The Strata Conference started yesterday (February 28) with a day of Tutorials, Jumpstarts, and Deep Data sessions. I attended two half-day tutorials, Hadoop Data Warehousing with Hive by Dean Wampler (Think Big Analytics), Jason Rutherglen (Think Big Analytics) and The Two Most Important Algorithms in Predictive Modeling Today by Jeremy Howard (Kaggle) and Mike Bowles.
The morning session focused on the use of Hive, the SQL-like language that can be used to perform analysis and create reports for data stored in a Hadoop data warehouse. The session was very informative, although perhaps a little too ambitious. Since it was a tutorial, the speakers prepared a virtual machine that the audience could install on their own machines and execute the same statements as the speakers. This ended up being a difficult process, and I found it easier and more valuable, as much of the audience did, to simply follow along and watch the presentation. Also, the session had a few demo glitches and the quantity of material was too much for the time allotted. Even so, I got a lot out of the session. It made clear to me the business cases where the use of Hive is appropriate, and it also highlighted for me the strengths and limitations of Hive.

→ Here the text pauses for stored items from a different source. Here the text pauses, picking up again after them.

(* Let $f,g:[0,\infty)\to[0,\infty)$, let $0<a<b<\infty$, and suppose $fg$ is Lebesgue integrable on $[a,b]$. Let $q>1$ and suppose $f^q$ and $g^{q/(q-1)}$ are both $(1,1)$-GA-convex on $[0,b]$. Then \[ \int_a^b f(x)g(x)\,dx\le\Bigl\{f^q(a)[L(a,b)-a]+[b-L(a,b)]f^q(b)\Bigr\}^{1/q}\Bigl\{g^{q/(q-1)}(a)[L(a,b)-a]+[b-L(a,b)]g^{q/(q-1)}(b)\Bigr\}^{1-1/q}. \]
   Context: For $c>0$, $h:[0,c]\to\mathbb{R}$ and $(\alpha,m)\in(0,1]^2$, $h$ is called $(\alpha,m)$-GA-convex on $[0,c]$ if $h\bigl(x^\lambda y^{m(1-\lambda)}\bigr)\le\lambda^\alpha h(x)+m(1-\lambda^\alpha)h(y)$ for all $x,y\in[0,c]$ and all $\lambda\in[0,1]$ (with the convention $0^0=1$). For $x,y>0$, $x\neq y$, the logarithmic mean is $L(x,y)=\frac{y-x}{\ln y-\ln x}$. *)

From Stdlib Require Import Reals Lra.
Open Scope R_scope.

(* Real power x^y for x >= 0, with 0^0 = 1 and 0^y = 0 for y <> 0
   (Stdlib's Rpower 0 y = 1 for all y, which is not the intended convention). *)
Definition rpow (x y : R) : R :=
  if Req_EM_T x 0 then (if Req_EM_T y 0 then 1 else 0) else Rpower x y.

Definition GA_convex (alpha m c : R) (h : R -> R) : Prop :=
  forall x y lam : R,
    0 <= x <= c -> 0 <= y <= c -> 0 <= lam <= 1 ->
    h (rpow x lam * rpow y (m * (1 - lam)))
      <= rpow lam alpha * h x + m * (1 - rpow lam alpha) * h y.

Definition logmean (x y : R) : R := (y - x) / (ln y - ln x).

(* A (1,1)-GA-convex h satisfies h(a^t b^(1-t)) <= t h(a) + (1-t) h(b); solving
   x = a^t b^(1-t) gives h(x) <= t(x) h(a) + (1 - t(x)) h(b) on [a,b] with
   t(x) = (ln b - ln x)/(ln b - ln a), whose integral over [a,b] is L(a,b) - a.
   Apply this to f^q and g^p, p = q/(q-1), and bound f g pointwise by Young's
   inequality f g <= U^(1/q) V^(1/p) (f^q/(q U) + g^p/(p V)), where U and V are
   the integrals of the two majorants: with f^q and g^p replaced by their
   majorants, the bracket integrates to 1/q + 1/p = 1. *)

From Stdlib Require Import Reals Lra.
From Coquelicot Require Import Coquelicot.
Open Scope R_scope.

Lemma rpow_ge0 x y : 0 <= rpow x y.
Proof.
  unfold rpow; destruct (Req_EM_T x 0); [destruct (Req_EM_T y 0); lra|].
  left; apply exp_pos.
Qed.

Lemma rpow_0l y : y <> 0 -> rpow 0 y = 0.
Proof.
  intros Hy; unfold rpow.
  destruct (Req_EM_T 0 0); [|lra]; destruct (Req_EM_T y 0); lra.
Qed.

Lemma rpow_Rpower x y : 0 < x -> rpow x y = Rpower x y.
Proof. intros Hx; unfold rpow; destruct (Req_EM_T x 0); [lra|reflexivity]. Qed.

Lemma rpow_1r x : 0 <= x -> rpow x 1 = x.
Proof.
  intros [Hx|<-]; [rewrite rpow_Rpower by exact Hx; apply Rpower_1, Hx|].
  apply rpow_0l; lra.
Qed.

Lemma rpow_rpowK x r s : 0 <= x -> r <> 0 -> r * s = 1 -> rpow (rpow x r) s = x.
Proof.
  intros [Hx|<-] Hr Hrs.
  - rewrite (rpow_Rpower x), rpow_Rpower by (try apply exp_pos; exact Hx).
    rewrite Rpower_mult, Hrs; apply Rpower_1, Hx.
  - rewrite rpow_0l by exact Hr; apply rpow_0l; intros ->; lra.
Qed.

Lemma exp_le_exp x y : x <= y -> exp x <= exp y.
Proof. intros [Hxy|<-]; [left; apply exp_increasing, Hxy | apply Rle_refl]. Qed.

Lemma ln_le_sub1 z : 0 < z -> ln z <= z - 1.
Proof. intros Hz; pose proof (exp_ineq1_le (ln z)); rewrite exp_ln in H; lra. Qed.

Lemma ln_lt_sub1 z : 0 < z -> z <> 1 -> ln z < z - 1.
Proof.
  intros Hz Hz1.
  assert (Hln : ln z <> 0)
    by (intros E; apply Hz1; rewrite <- (exp_ln z), E, exp_0 by exact Hz; reflexivity).
  pose proof (exp_ineq1 _ Hln); rewrite exp_ln in H; lra.
Qed.

Lemma Rpower_amgm th X Y : 0 < th < 1 -> 0 < X -> 0 < Y ->
  Rpower X th * Rpower Y (1 - th) <= th * X + (1 - th) * Y.
Proof.
  intros Hth HX HY.
  set (M := th * X + (1 - th) * Y).
  assert (HM : 0 < M) by (unfold M; nra).
  (* concavity of ln, from ln z <= z - 1 at z = X/M and z = Y/M *)
  assert (HXM := ln_le_sub1 (X / M) ltac:(apply Rdiv_lt_0_compat; lra)).
  assert (HYM := ln_le_sub1 (Y / M) ltac:(apply Rdiv_lt_0_compat; lra)).
  rewrite ln_div in HXM, HYM by lra.
  assert (Hsum : th * (X / M) + (1 - th) * (Y / M) = M / M) by (unfold M at 3; field; lra).
  rewrite Rdiv_diag in Hsum by lra.
  unfold Rpower; rewrite <- exp_plus, <- (exp_ln M) by exact HM.
  apply exp_le_exp.
  assert (H1 := Rmult_le_compat_l th _ _ ltac:(lra) HXM).
  assert (H2 := Rmult_le_compat_l (1 - th) _ _ ltac:(lra) HYM).
  lra.
Qed.

Lemma rpow_young th X Y U V : 0 < th < 1 -> 0 <= X -> 0 <= Y -> 0 < U -> 0 < V ->
  rpow X th * rpow Y (1 - th)
    <= Rpower U th * Rpower V (1 - th) * (th * X / U + (1 - th) * Y / V).
Proof.
  intros Hth HX HY HU HV.
  assert (HK : 0 < Rpower U th * Rpower V (1 - th)) by (apply Rmult_lt_0_compat; apply exp_pos).
  assert (Hmean : 0 <= th * X / U + (1 - th) * Y / V)
    by (apply Rplus_le_le_0_compat; apply Rdiv_le_0_compat; nra).
  destruct HX as [HX|<-]; [destruct HY as [HY|<-]|].
  - rewrite !rpow_Rpower by assumption.
    assert (HXU : 0 < X / U) by (apply Rdiv_lt_0_compat; assumption).
    assert (HYV : 0 < Y / V) by (apply Rdiv_lt_0_compat; assumption).
    replace (Rpower X th * Rpower Y (1 - th))
      with (Rpower U th * Rpower V (1 - th) * (Rpower (X / U) th * Rpower (Y / V) (1 - th))).
    + apply Rmult_le_compat_l; [lra|].
      rewrite <- !Rmult_div_assoc; apply Rpower_amgm; assumption.
    + transitivity ((Rpower U th * Rpower (X / U) th)
                      * (Rpower V (1 - th) * Rpower (Y / V) (1 - th))); [ring|].
      rewrite !Rpower_mult_distr by assumption.
      replace (U * (X / U)) with X by (field; lra).
      replace (V * (Y / V)) with Y by (field; lra).
      reflexivity.
  - rewrite (rpow_0l (1 - th)) by lra; nra.
  - rewrite (rpow_0l th) by lra; nra.
Qed.

Lemma RInt_le_is_RInt (phi w : R -> R) (a b K : R) :
  a <= b -> ex_RInt phi a b -> is_RInt w a b K ->
  (forall x, a <= x <= b -> phi x <= w x) -> RInt phi a b <= K.
Proof.
  intros hab Hphi Hw Hle.
  apply (is_RInt_le phi w a b); [exact hab | | exact Hw |].
  - exact (@RInt_correct R_CompleteNormedModule phi a b Hphi).
  - intros x Hx; apply Hle; lra.
Qed.

Lemma is_RInt_zero (a b : R) : is_RInt (fun _ => 0) a b 0.
Proof.
  assert (H := @is_RInt_const R_NormedModule a b 0).
  change (scal (b - a) 0) with ((b - a) * 0) in H.
  rewrite Rmult_0_r in H; exact H.
Qed.

Lemma RInt_le0 (phi : R -> R) (a b : R) :
  a <= b -> ex_RInt phi a b -> (forall x, a <= x <= b -> phi x <= 0) -> RInt phi a b <= 0.
Proof. intros; apply (RInt_le_is_RInt phi (fun _ => 0)); auto using is_RInt_zero. Qed.

(* With t the logarithmic weight below, this is the bound a GA-convex function
   gets from its endpoint values. *)
Definition weighted_majorant (t : R -> R) (a b : R) (u : R -> R) (Fa Fb : R) : Prop :=
  forall x, a <= x <= b -> 0 <= u x <= t x * Fa + (1 - t x) * Fb.

Section HolderAffine.

Variables (t : R -> R) (a b Ta Tb : R).
Hypotheses (hab : a <= b) (hTa : 0 < Ta) (hTb : 0 < Tb)
  (ht : is_RInt t a b Ta) (ht' : is_RInt (fun x => 1 - t x) a b Tb).

Lemma is_RInt_weighted A B :
  is_RInt (fun x => t x * A + (1 - t x) * B) a b (A * Ta + Tb * B).
Proof.
  assert (H := @is_RInt_plus R_NormedModule _ _ a b _ _
                 (is_RInt_scal _ _ _ A _ ht) (is_RInt_scal _ _ _ B _ ht')).
  change (is_RInt (fun x => A * t x + B * (1 - t x)) a b (A * Ta + B * Tb)) in H.
  rewrite (Rmult_comm Tb).
  revert H; apply is_RInt_ext; intros x _.
  change (A * t x + B * (1 - t x) = t x * A + (1 - t x) * B); ring.
Qed.

Lemma weighted_majorant_eq0 u Fa Fb :
  0 <= Fa -> 0 <= Fb -> weighted_majorant t a b u Fa Fb -> Fa * Ta + Tb * Fb <= 0 ->
  forall x, a <= x <= b -> u x = 0.
Proof.
  intros HFa HFb Hu HU x Hx.
  assert (Fa = 0 /\ Fb = 0) as [-> ->] by (split; nra).
  specialize (Hu x Hx); lra.
Qed.

Lemma RInt_le_holder (phi u v : R -> R) th Fa Fb Ga Gb :
  0 < th < 1 -> 0 <= Fa -> 0 <= Fb -> 0 <= Ga -> 0 <= Gb ->
  weighted_majorant t a b u Fa Fb -> weighted_majorant t a b v Ga Gb ->
  ex_RInt phi a b ->
  (forall x, a <= x <= b -> phi x <= rpow (u x) th * rpow (v x) (1 - th)) ->
  RInt phi a b <= rpow (Fa * Ta + Tb * Fb) th * rpow (Ga * Ta + Tb * Gb) (1 - th).
Proof.
  intros Hth HFa HFb HGa HGb Hu Hv Hphi Hle.
  set (U := Fa * Ta + Tb * Fb); set (V := Ga * Ta + Tb * Gb).
  assert (Hrhs : 0 <= rpow U th * rpow V (1 - th)) by (apply Rmult_le_pos; apply rpow_ge0).
  destruct (Rle_lt_dec U 0) as [HU|HU]; [|destruct (Rle_lt_dec V 0) as [HV|HV]].
  - apply (Rle_trans _ 0); [apply RInt_le0; [exact hab | exact Hphi |] | exact Hrhs].
    intros x Hx; specialize (Hle x Hx).
    rewrite (weighted_majorant_eq0 u Fa Fb HFa HFb Hu HU x Hx), rpow_0l in Hle by lra; lra.
  - apply (Rle_trans _ 0); [apply RInt_le0; [exact hab | exact Hphi |] | exact Hrhs].
    intros x Hx; specialize (Hle x Hx).
    rewrite (weighted_majorant_eq0 v Ga Gb HGa HGb Hv HV x Hx), (rpow_0l (1 - th)) in Hle by lra.
    lra.
  - rewrite !rpow_Rpower by assumption.
    set (K := Rpower U th * Rpower V (1 - th)).
    assert (HK : 0 < K) by (apply Rmult_lt_0_compat; apply exp_pos).
    set (A := K * (th * Fa / U + (1 - th) * Ga / V)).
    set (B := K * (th * Fb / U + (1 - th) * Gb / V)).
    replace K with (A * Ta + Tb * B) by (unfold A, B, U, V in *; field; lra).
    apply (RInt_le_is_RInt phi (fun x => t x * A + (1 - t x) * B));
      [exact hab | exact Hphi | apply is_RInt_weighted |].
    intros x Hx.
    destruct (Hu x Hx) as [Hu0 Hu1]; destruct (Hv x Hx) as [Hv0 Hv1].
    apply (Rle_trans _ _ _ (Hle x Hx)).
    apply (Rle_trans _ _ _ (rpow_young th (u x) (v x) U V Hth Hu0 Hv0 HU HV)); fold K.
    replace (t x * A + (1 - t x) * B)
      with (K * (th * (t x * Fa + (1 - t x) * Fb) / U
                 + (1 - th) * (t x * Ga + (1 - t x) * Gb) / V))
      by (unfold A, B; field; lra).
    apply Rmult_le_compat_l; [lra|].
    apply Rplus_le_compat; unfold Rdiv; apply Rmult_le_compat_r;
      try (left; apply Rinv_0_lt_compat; assumption); nra.
Qed.

End HolderAffine.

Definition logweight (a b x : R) : R := (ln b - ln x) / (ln b - ln a).

Lemma ln_sub_gt0 a b : 0 < a < b -> 0 < ln b - ln a.
Proof. intros Hab; pose proof (ln_increasing a b ltac:(lra) ltac:(lra)); lra. Qed.

Lemma logweight_bounds a b x : 0 < a < b -> a <= x <= b -> 0 <= logweight a b x <= 1.
Proof.
  intros Hab Hx; pose proof (ln_sub_gt0 a b Hab).
  assert (ln a <= ln x) by (apply ln_le; lra).
  assert (ln x <= ln b) by (apply ln_le; lra).
  unfold logweight; split; [apply Rdiv_le_0_compat; lra|].
  replace ((ln b - ln x) / (ln b - ln a)) with (1 - (ln x - ln a) / (ln b - ln a))
    by (field; lra).
  enough (0 <= (ln x - ln a) / (ln b - ln a)) by lra.
  apply Rdiv_le_0_compat; lra.
Qed.

(* x = a^t b^(1-t) for t = logweight a b x. *)
Lemma GA_convex11_le_logweight h a b x : 0 < a < b -> a <= x <= b -> GA_convex 1 1 b h ->
  h x <= logweight a b x * h a + (1 - logweight a b x) * h b.
Proof.
  intros Hab Hx Hh; pose proof (ln_sub_gt0 a b Hab).
  assert (Ht := logweight_bounds a b x Hab Hx).
  set (t := logweight a b x) in *.
  assert (Hxt : rpow a t * rpow b (1 * (1 - t)) = x).
  { rewrite !rpow_Rpower by lra; unfold Rpower; rewrite <- exp_plus.
    replace (t * ln a + 1 * (1 - t) * ln b) with (ln x) by (unfold t, logweight; field; lra).
    apply exp_ln; lra. }
  assert (Hconv := Hh a b t ltac:(lra) ltac:(lra) Ht).
  rewrite Hxt, rpow_1r in Hconv by lra; lra.
Qed.

Lemma is_RInt_logweight a b : 0 < a < b -> is_RInt (logweight a b) a b (logmean a b - a).
Proof.
  intros Hab; pose proof (ln_sub_gt0 a b Hab).
  set (D := ln b - ln a) in *.
  replace (logmean a b - a)
    with (minus ((b * ln b - b * ln b + b) / D) ((a * ln b - a * ln a + a) / D))
    by (unfold minus, plus, opp, logmean; simpl; fold D;
        replace (ln a) with (ln b - D) by (unfold D; ring); field; lra).
  apply (is_RInt_derive (fun x => (x * ln b - x * ln x + x) / D)).
  - intros x Hx; rewrite Rmin_left, Rmax_right in Hx by lra.
    auto_derive; [lra|]. unfold logweight; fold D; field; lra.
  - intros x Hx; rewrite Rmin_left, Rmax_right in Hx by lra.
    apply (@ex_derive_continuous R_AbsRing R_NormedModule); unfold logweight; auto_derive; lra.
Qed.

Lemma is_RInt_logweight_compl a b : 0 < a < b ->
  is_RInt (fun x => 1 - logweight a b x) a b (b - logmean a b).
Proof.
  intros Hab.
  assert (H := @is_RInt_minus R_NormedModule _ _ a b _ _
                 (is_RInt_const a b 1) (is_RInt_logweight a b Hab)).
  change (is_RInt (fun x => 1 - logweight a b x) a b ((b - a) * 1 - (logmean a b - a))) in H.
  replace (b - logmean a b) with ((b - a) * 1 - (logmean a b - a)) by ring; exact H.
Qed.

Lemma logmean_gt_l a b : 0 < a < b -> a < logmean a b.
Proof.
  intros Hab; pose proof (ln_sub_gt0 a b Hab).
  assert (Hln := ln_lt_sub1 (b / a) ltac:(apply Rdiv_lt_0_compat; lra)
                  ltac:(intros E; apply Rdiv_diag_uniq in E; lra)).
  rewrite ln_div in Hln by lra.
  replace (logmean a b) with (a + (b - a - a * (ln b - ln a)) / (ln b - ln a))
    by (unfold logmean; field; lra).
  enough (0 < (b - a - a * (ln b - ln a)) / (ln b - ln a)) by lra.
  apply Rdiv_lt_0_compat; [|lra].
  apply (Rmult_lt_compat_l a) in Hln; [|lra].
  replace (a * (b / a - 1)) with (b - a) in Hln by (field; lra); lra.
Qed.

Lemma logmean_lt_r a b : 0 < a < b -> logmean a b < b.
Proof.
  intros Hab; pose proof (ln_sub_gt0 a b Hab).
  assert (Hln := ln_lt_sub1 (a / b) ltac:(apply Rdiv_lt_0_compat; lra)
                  ltac:(intros E; apply Rdiv_diag_uniq in E; lra)).
  rewrite ln_div in Hln by lra.
  replace (logmean a b) with (b - (b * (ln b - ln a) - (b - a)) / (ln b - ln a))
    by (unfold logmean; field; lra).
  enough (0 < (b * (ln b - ln a) - (b - a)) / (ln b - ln a)) by lra.
  apply Rdiv_lt_0_compat; [|lra].
  apply (Rmult_lt_compat_l b) in Hln; [|lra].
  replace (b * (a / b - 1)) with (a - b) in Hln by (field; lra); lra.
Qed.

Theorem corollary3p8
  (f g : R -> R) (a b q : R)
  (hf : forall x, 0 <= x -> 0 <= f x)
  (hg : forall x, 0 <= x -> 0 <= g x)
  (hab : 0 < a < b)
  (pr : Riemann_integrable (fun x => f x * g x) a b)
  (hq : 1 < q)
  (hfc : GA_convex 1 1 b (fun x => rpow (f x) q))
  (hgc : GA_convex 1 1 b (fun x => rpow (g x) (q / (q - 1)))) :
  RiemannInt pr <=
    rpow (rpow (f a) q * (logmean a b - a) + (b - logmean a b) * rpow (f b) q) (1 / q) *
    rpow (rpow (g a) (q / (q - 1)) * (logmean a b - a)
          + (b - logmean a b) * rpow (g b) (q / (q - 1))) (1 - 1 / q).
Proof.
  set (p := q / (q - 1)) in *.
  assert (Hp : 0 < p) by (apply Rdiv_lt_0_compat; lra).
  assert (Hth : 0 < 1 / q < 1).
  { split; [apply Rdiv_lt_0_compat; lra|].
    unfold Rdiv; rewrite Rmult_1_l, <- Rinv_1; apply Rinv_1_lt_contravar; lra. }
  rewrite <- RInt_Reals.
  apply (RInt_le_holder (logweight a b) a b _ _ ltac:(lra)
           (proj2 (Rlt_0_minus _ _) (logmean_gt_l a b hab))
           (proj2 (Rlt_0_minus _ _) (logmean_lt_r a b hab))
           (is_RInt_logweight a b hab) (is_RInt_logweight_compl a b hab)
           _ (fun x => rpow (f x) q) (fun x => rpow (g x) p));
    try apply rpow_ge0; try exact Hth.
  - intros x Hx; split; [apply rpow_ge0|].
    apply (GA_convex11_le_logweight (fun x => rpow (f x) q)); assumption.
  - intros x Hx; split; [apply rpow_ge0|].
    apply (GA_convex11_le_logweight (fun x => rpow (g x) p)); assumption.
  - apply ex_RInt_Reals_1, pr.
  - intros x Hx.
    rewrite rpow_rpowK, rpow_rpowK;
      solve [lra | apply hf; lra | apply hg; lra | unfold p; field; lra].
Qed.
Lemma DeltaE (i j : 'I_m) : Delta R n i j = (j == partner_ord i)%:R * (-1) ^+ odd i.
Proof.
rewrite mxE -val_eqE /= /partner; case: (nat_of_ord i) => [|i'] /=.
  by case: eqP; rewrite /= ?mul1r ?mul0r.
rewrite eqSS; case: (odd i') => /=; case: eqP; rewrite /= ?mul1r ?mul0r //.
Qed.

Lemma Delta_sqr : Delta R n *m Delta R n = - 1%:M.
Proof.
apply/matrixP => i j; rewrite !mxE.
under eq_bigr => c _ do rewrite DeltaE mulrAC -mulrA.
rewrite sum_delta DeltaE partner_ordK /= odd_partner signrN mulrN mulNr -mulrA.
by rewrite -expr2 sqrr_sign mulr1 eq_sym.
Qed.

Lemma tr_Delta : (Delta R n)^T = - Delta R n.
Proof.
apply/matrixP => i j; rewrite mxE [RHS]mxE !DeltaE.
have [->|ne] := eqVneq j (partner_ord i).
  by rewrite partner_ordK eqxx /= odd_partner signrN mulrN.
have -> : (i == partner_ord j) = false.
  by apply: contraNF ne => /eqP ->; rewrite partner_ordK.
by rewrite !mul0r oppr0.
Qed.

Lemma SigmaE : Sigma R n = diag_mx (\row_(i < m) (-1) ^+ odd i).
Proof.
apply/matrixP => i j; rewrite !mxE.
by case: (i == j); rewrite ?mulr1n ?mulr0n //; case: (odd i).
Qed.

Lemma Sigma_sqr : Sigma R n *m Sigma R n = 1%:M.
Proof.
rewrite SigmaE mulmx_diag -diag_const_mx; congr diag_mx.
by apply/rowP => i; rewrite !mxE -expr2 sqrr_sign.
Qed.

Lemma tr_Sigma : (Sigma R n)^T = Sigma R n.
Proof. by rewrite SigmaE tr_diag_mx. Qed.

Lemma Sigma_Delta_Sigma : Sigma R n *m Delta R n *m Sigma R n = - Delta R n.
Proof.
rewrite SigmaE mul_diag_mx mul_mx_diag; apply/matrixP => i j.
rewrite mxE [X in X * _]mxE [RHS]mxE DeltaE !mxE.
have [->|_] := eqVneq j (partner_ord i); last first.
  by rewrite !(mul0r, mulr0) oppr0.
by rewrite /= odd_partner signrN !mul1r -expr2 sqrr_sign mul1r.
Qed.

End Symplectic.

Section GaussianStates.
Variables (R : realType) (n : nat).
Local Notation m := n.*2.

(* [B = 1 + i Delta] is Hermitian with [B *m B = 2 B], so [B = B^* B / 2]. *)
Lemma psdC_vacuum : psdC (cplx (1%:M : 'M[R]_m) + iC R *: cplx (Delta R n)).
Proof.
move=> v; rewrite cplx1.
set D := cplx (Delta R n); set B := 1%:M + iC R *: D.
have DD : D *m D = - 1%:M by rewrite /D -cplxM Delta_sqr cplxN cplx1.
have B_herm : (conjmx B)^T = B.
  rewrite /B map_mxD map_mx1 conjmx_iC_cplx linearD /= trmx1 linearN /= linearZ /=.
  by rewrite /D -cplxT tr_Delta cplxN scalerN opprK.
have BB : B *m B = 2%:R *: B.
  rewrite {1}/B mulmxDl mul1mx -scalemxAl /B mulmxDr mulmx1 -scalemxAr DD.
  rewrite scalerDr scalerA iC_sqr scaleN1r opprK [iC R *: D + _]addrC.
  by rewrite scaler_nat mulr2n.
have := conjtr_mul_ge0 (B *m v).
rewrite map_mxM trmx_mul -!mulmxA (mulmxA (conjmx B)^T) B_herm BB -scalemxAl.
by rewrite -scalemxAr mxE !mulmxA pmulr_rge0 // ltr0n.
Qed.

Lemma is_gauss_state_unit (d : 'cV[R]_m) : is_gauss_state d 1%:M.
Proof. by split; [exact: trmx1 | exact: psdC_vacuum]. Qed.

Lemma is_gauss_state_channel (phi : gchannel R n) d nu :
  is_gauss_channel phi -> is_gauss_state d nu ->
  is_gauss_state (ch_disp phi d) (ch_cov phi nu).
Proof.
case: phi => T N d' [/= N_sym [_ N_psd]] [nu_sym nu_psd]; rewrite /ch_cov /=; split.
  by rewrite linearD /= !trmx_mul trmxK nu_sym mulmxA N_sym.
have -> : cplx (T *m nu *m T^T + N) + iC R *: cplx (Delta R n) =
    cplx T *m (cplx nu + iC R *: cplx (Delta R n)) *m (cplx T)^T +
    (cplx N + iC R *: cplx (Delta R n) - iC R *: cplx (T *m Delta R n *m T^T)).
  rewrite mulmxDr mulmxDl -scalemxAr -scalemxAl -cplxT -!cplxM cplxD.
  by rewrite addrACA subrr addr0 addrA.
exact: psdC_add (psdC_congruence T nu_psd) N_psd.
Qed.

Lemma prep_channel_gauss (d : 'cV[R]_m) nu :
  is_gauss_state d nu -> is_gauss_channel (GChannel 0 nu d).
Proof.
case=> nu_sym nu_psd; split=> //; split; first exact: psdC_psdR nu_psd.
by rewrite /= !mul0mx cplx0 scaler0 subr0.
Qed.

Lemma delta_channel_gauss (k l : 'I_m) :
  is_gauss_channel (GChannel (delta_mx k l : 'M[R]_m) 1%:M 0).
Proof.
have ETE : delta_mx k l *m Delta R n *m (delta_mx k l)^T = 0.
  rewrite trmx_delta delta_mul_delta DeltaE.
  by rewrite (negbTE (partner_ord_neq l)) mul0r scale0r.
split; first exact: trmx1.
split; first exact: psdC_psdR psdC_vacuum.
by rewrite /= ETE cplx0 scaler0 subr0; exact: psdC_vacuum.
Qed.

End GaussianStates.

Arguments delta_channel_gauss {R n}.

Section RealStates.
Variables (R : realType) (n : nat).
Local Notation m := n.*2.

(* Even indices are the positions Q_k, odd ones the momenta P_k. *)
Definition PQ_block0 (M : 'M[R]_m) : Prop :=
  forall i j : 'I_m, odd i -> ~~ odd j -> M i j = 0.

Definition QP_block0 (M : 'M[R]_m) : Prop :=
  forall i j : 'I_m, ~~ odd i -> odd j -> M i j = 0.

Definition P_rows0 (M : 'M[R]_m) : Prop := forall i j : 'I_m, odd i -> M i j = 0.

Lemma PQ_block0_0 : PQ_block0 0.
Proof. by move=> i j _ _; rewrite mxE. Qed.

Lemma QP_block0_0 : QP_block0 0.
Proof. by move=> i j _ _; rewrite mxE. Qed.

Lemma real_state_unit (d : 'cV[R]_m) :
  (forall i : 'I_m, odd i -> d i 0 = 0) -> real_state d 1%:M.
Proof.
move=> d_real; split=> // i j i_even j_odd; rewrite mxE.
by case: eqP => [eq_ij|]; [move: i_even; rewrite eq_ij j_odd | rewrite mulr0n].
Qed.

Lemma vacuum_real : real_state (0 : 'cV[R]_m) 1%:M.
Proof. by apply: real_state_unit => i _; rewrite mxE. Qed.

Lemma real_state_delta (k : 'I_m) : ~~ odd k -> real_state (delta_mx k 0 : 'cV[R]_m) 1%:M.
Proof.
move=> k_even; apply: real_state_unit => i i_odd; rewrite mxE.
by case: eqP => [eq_ik|]; [move: k_even; rewrite -eq_ik i_odd | rewrite mulr0n].
Qed.

Lemma real_state_add (d d' : 'cV[R]_m) nu nu' :
  real_state d nu -> real_state d' nu' -> real_state (d + d') (nu + nu').
Proof.
move=> [d_real nu_real] [d'_real nu'_real]; split=> [i i_odd | i j i_even j_odd].
  by rewrite mxE d_real // d'_real // addr0.
by rewrite mxE nu_real // nu'_real // addr0.
Qed.

Lemma real_state_mulmx (M : 'M[R]_m) d nu :
  PQ_block0 M -> QP_block0 M -> real_state d nu -> real_state (M *m d) (M *m nu *m M^T).
Proof.
move=> M_PQ M_QP [d_real nu_real]; split=> [l l_odd | i j i_even j_odd].
  rewrite mxE big1 // => c _.
  by case: (boolP (odd c)) => c_par; [rewrite d_real // mulr0 | rewrite M_PQ // mul0r].
rewrite mxE big1 // => c _; rewrite !mxE.
case: (boolP (odd c)) => c_par; last by rewrite M_PQ // mulr0.
rewrite big1 ?mul0r // => e _.
by case: (boolP (odd e)) => e_par; [rewrite M_QP // mul0r | rewrite nu_real // mulr0].
Qed.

I really liked the afternoon session. Jeremy Howard and Mike Bowles each presented their favorite predictive modeling algorithm. Jeremy talked about how he’s used Random Forests to solve numerous types of problems and did a demo showing how to predict who was likely to live or die on the Titanic. Mike discussed how to use the glmnet algorithm and showed how it to apply it to sonar data to find oil under the ocean.
The next two days of the conference are filled with shorter 40 minute sessions. I’m looking forward to getting a lot more info about analytics and big data.